_Action item_
Repeat precisely the span of lines below that opens with the line containing "(partial f i) i x." and closes with the line containing "iter_int N (fun", both included.

(Saved entries)
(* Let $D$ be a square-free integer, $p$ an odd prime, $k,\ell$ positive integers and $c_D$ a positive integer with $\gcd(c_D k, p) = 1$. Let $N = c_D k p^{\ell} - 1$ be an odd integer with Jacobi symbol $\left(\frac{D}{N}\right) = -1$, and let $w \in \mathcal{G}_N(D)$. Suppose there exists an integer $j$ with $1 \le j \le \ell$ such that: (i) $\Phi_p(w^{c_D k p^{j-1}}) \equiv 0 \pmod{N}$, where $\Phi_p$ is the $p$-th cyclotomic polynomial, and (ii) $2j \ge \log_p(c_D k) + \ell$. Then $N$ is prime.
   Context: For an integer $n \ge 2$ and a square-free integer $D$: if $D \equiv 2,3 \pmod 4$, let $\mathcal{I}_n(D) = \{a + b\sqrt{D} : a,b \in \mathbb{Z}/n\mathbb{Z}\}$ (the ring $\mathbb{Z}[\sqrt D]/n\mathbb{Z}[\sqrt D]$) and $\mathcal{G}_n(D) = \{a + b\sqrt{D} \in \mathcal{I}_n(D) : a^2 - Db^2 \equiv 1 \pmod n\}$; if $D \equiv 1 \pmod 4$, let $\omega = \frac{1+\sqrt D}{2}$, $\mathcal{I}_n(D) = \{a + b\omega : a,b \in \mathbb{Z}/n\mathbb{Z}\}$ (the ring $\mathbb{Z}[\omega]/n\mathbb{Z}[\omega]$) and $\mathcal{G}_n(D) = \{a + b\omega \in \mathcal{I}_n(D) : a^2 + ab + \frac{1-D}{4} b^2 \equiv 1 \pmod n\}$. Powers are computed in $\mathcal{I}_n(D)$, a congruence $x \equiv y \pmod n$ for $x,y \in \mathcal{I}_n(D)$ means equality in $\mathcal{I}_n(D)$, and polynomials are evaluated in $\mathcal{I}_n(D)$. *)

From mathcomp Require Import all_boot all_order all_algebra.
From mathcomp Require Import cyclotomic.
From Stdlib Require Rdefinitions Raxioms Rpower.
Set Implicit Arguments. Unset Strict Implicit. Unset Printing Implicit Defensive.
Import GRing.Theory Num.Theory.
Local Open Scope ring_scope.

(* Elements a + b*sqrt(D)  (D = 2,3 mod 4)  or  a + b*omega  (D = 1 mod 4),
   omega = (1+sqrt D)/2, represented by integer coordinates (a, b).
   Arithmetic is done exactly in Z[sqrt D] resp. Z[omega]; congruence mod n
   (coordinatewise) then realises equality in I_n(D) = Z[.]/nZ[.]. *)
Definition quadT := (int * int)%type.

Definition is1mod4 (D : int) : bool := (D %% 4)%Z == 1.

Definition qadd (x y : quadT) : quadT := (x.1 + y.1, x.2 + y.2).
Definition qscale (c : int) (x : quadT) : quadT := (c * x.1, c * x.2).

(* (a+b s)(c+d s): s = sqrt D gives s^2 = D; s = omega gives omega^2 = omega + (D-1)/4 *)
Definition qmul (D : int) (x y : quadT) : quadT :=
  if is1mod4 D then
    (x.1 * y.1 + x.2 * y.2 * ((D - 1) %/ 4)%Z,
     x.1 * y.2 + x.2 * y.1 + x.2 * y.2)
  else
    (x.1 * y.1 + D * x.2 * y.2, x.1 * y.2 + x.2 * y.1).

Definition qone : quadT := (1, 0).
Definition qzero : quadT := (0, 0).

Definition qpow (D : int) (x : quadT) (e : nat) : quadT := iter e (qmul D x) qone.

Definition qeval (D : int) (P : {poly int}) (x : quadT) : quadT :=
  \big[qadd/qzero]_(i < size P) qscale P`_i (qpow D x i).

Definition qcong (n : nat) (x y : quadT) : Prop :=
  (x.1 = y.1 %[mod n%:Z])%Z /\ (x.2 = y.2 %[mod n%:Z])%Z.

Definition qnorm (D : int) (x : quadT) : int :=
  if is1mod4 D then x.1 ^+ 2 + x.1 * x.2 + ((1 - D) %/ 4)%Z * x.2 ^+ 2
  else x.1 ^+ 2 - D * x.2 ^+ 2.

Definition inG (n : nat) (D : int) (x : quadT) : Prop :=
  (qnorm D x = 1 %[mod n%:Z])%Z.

==

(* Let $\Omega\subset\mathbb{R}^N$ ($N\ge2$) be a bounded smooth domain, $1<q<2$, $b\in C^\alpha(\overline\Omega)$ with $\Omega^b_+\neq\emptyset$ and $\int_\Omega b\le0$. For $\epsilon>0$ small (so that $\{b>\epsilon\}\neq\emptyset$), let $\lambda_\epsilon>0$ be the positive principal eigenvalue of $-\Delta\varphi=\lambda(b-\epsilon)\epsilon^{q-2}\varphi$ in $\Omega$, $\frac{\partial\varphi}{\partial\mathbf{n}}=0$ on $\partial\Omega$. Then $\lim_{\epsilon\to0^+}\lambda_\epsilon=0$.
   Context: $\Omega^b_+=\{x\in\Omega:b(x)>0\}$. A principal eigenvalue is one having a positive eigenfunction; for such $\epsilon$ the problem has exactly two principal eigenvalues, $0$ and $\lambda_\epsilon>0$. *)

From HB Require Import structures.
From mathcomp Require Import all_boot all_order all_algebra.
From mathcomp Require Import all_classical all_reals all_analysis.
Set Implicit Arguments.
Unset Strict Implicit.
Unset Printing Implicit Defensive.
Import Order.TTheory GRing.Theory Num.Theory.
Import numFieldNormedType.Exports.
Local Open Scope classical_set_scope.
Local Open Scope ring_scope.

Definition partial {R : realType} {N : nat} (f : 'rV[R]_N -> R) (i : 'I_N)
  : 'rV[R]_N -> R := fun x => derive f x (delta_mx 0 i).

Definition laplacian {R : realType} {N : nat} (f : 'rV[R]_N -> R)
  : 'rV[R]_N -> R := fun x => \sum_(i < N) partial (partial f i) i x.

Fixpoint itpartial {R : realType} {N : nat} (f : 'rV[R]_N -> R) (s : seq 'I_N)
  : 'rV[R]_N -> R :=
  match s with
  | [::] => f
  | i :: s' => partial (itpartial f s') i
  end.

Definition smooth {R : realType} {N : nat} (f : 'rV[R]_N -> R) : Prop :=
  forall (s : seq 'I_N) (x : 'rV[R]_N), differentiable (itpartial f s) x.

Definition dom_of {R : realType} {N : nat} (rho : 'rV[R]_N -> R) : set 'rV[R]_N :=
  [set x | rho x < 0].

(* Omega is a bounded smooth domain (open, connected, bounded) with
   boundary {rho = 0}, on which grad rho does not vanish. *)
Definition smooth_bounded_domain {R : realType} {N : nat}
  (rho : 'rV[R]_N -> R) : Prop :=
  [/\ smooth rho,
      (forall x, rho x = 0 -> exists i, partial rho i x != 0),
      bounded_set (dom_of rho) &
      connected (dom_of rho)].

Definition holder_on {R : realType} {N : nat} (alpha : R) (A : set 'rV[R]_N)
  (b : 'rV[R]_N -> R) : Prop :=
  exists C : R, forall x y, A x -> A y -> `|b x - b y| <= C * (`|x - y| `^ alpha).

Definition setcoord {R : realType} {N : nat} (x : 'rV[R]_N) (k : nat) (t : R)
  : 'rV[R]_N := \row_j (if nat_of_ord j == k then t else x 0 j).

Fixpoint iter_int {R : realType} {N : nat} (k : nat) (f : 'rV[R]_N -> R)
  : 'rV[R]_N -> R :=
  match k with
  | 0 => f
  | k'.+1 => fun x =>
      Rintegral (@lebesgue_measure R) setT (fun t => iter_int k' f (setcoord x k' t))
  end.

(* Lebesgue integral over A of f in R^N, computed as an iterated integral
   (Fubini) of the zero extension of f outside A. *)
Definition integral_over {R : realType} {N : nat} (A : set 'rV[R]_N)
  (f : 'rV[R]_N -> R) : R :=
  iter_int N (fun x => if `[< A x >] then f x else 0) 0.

_Solution for this problem_
  : 'rV[R]_N -> R := fun x => \sum_(i < N) partial (partial f i) i x.

Fixpoint itpartial {R : realType} {N : nat} (f : 'rV[R]_N -> R) (s : seq 'I_N)
  : 'rV[R]_N -> R :=
  match s with
  | [::] => f
  | i :: s' => partial (itpartial f s') i
  end.

Definition smooth {R : realType} {N : nat} (f : 'rV[R]_N -> R) : Prop :=
  forall (s : seq 'I_N) (x : 'rV[R]_N), differentiable (itpartial f s) x.

Definition dom_of {R : realType} {N : nat} (rho : 'rV[R]_N -> R) : set 'rV[R]_N :=
  [set x | rho x < 0].

(* Omega is a bounded smooth domain (open, connected, bounded) with
   boundary {rho = 0}, on which grad rho does not vanish. *)
Definition smooth_bounded_domain {R : realType} {N : nat}
  (rho : 'rV[R]_N -> R) : Prop :=
  [/\ smooth rho,
      (forall x, rho x = 0 -> exists i, partial rho i x != 0),
      bounded_set (dom_of rho) &
      connected (dom_of rho)].

Definition holder_on {R : realType} {N : nat} (alpha : R) (A : set 'rV[R]_N)
  (b : 'rV[R]_N -> R) : Prop :=
  exists C : R, forall x y, A x -> A y -> `|b x - b y| <= C * (`|x - y| `^ alpha).

Definition setcoord {R : realType} {N : nat} (x : 'rV[R]_N) (k : nat) (t : R)
  : 'rV[R]_N := \row_j (if nat_of_ord j == k then t else x 0 j).

Fixpoint iter_int {R : realType} {N : nat} (k : nat) (f : 'rV[R]_N -> R)
  : 'rV[R]_N -> R :=
  match k with
  | 0 => f
  | k'.+1 => fun x =>
      Rintegral (@lebesgue_measure R) setT (fun t => iter_int k' f (setcoord x k' t))
  end.

(* Lebesgue integral over A of f in R^N, computed as an iterated integral
   (Fubini) of the zero extension of f outside A. *)
Definition integral_over {R : realType} {N : nat} (A : set 'rV[R]_N)
  (f : 'rV[R]_N -> R) : R :=
  iter_int N (fun x => if `[< A x >] then f x else 0) 0.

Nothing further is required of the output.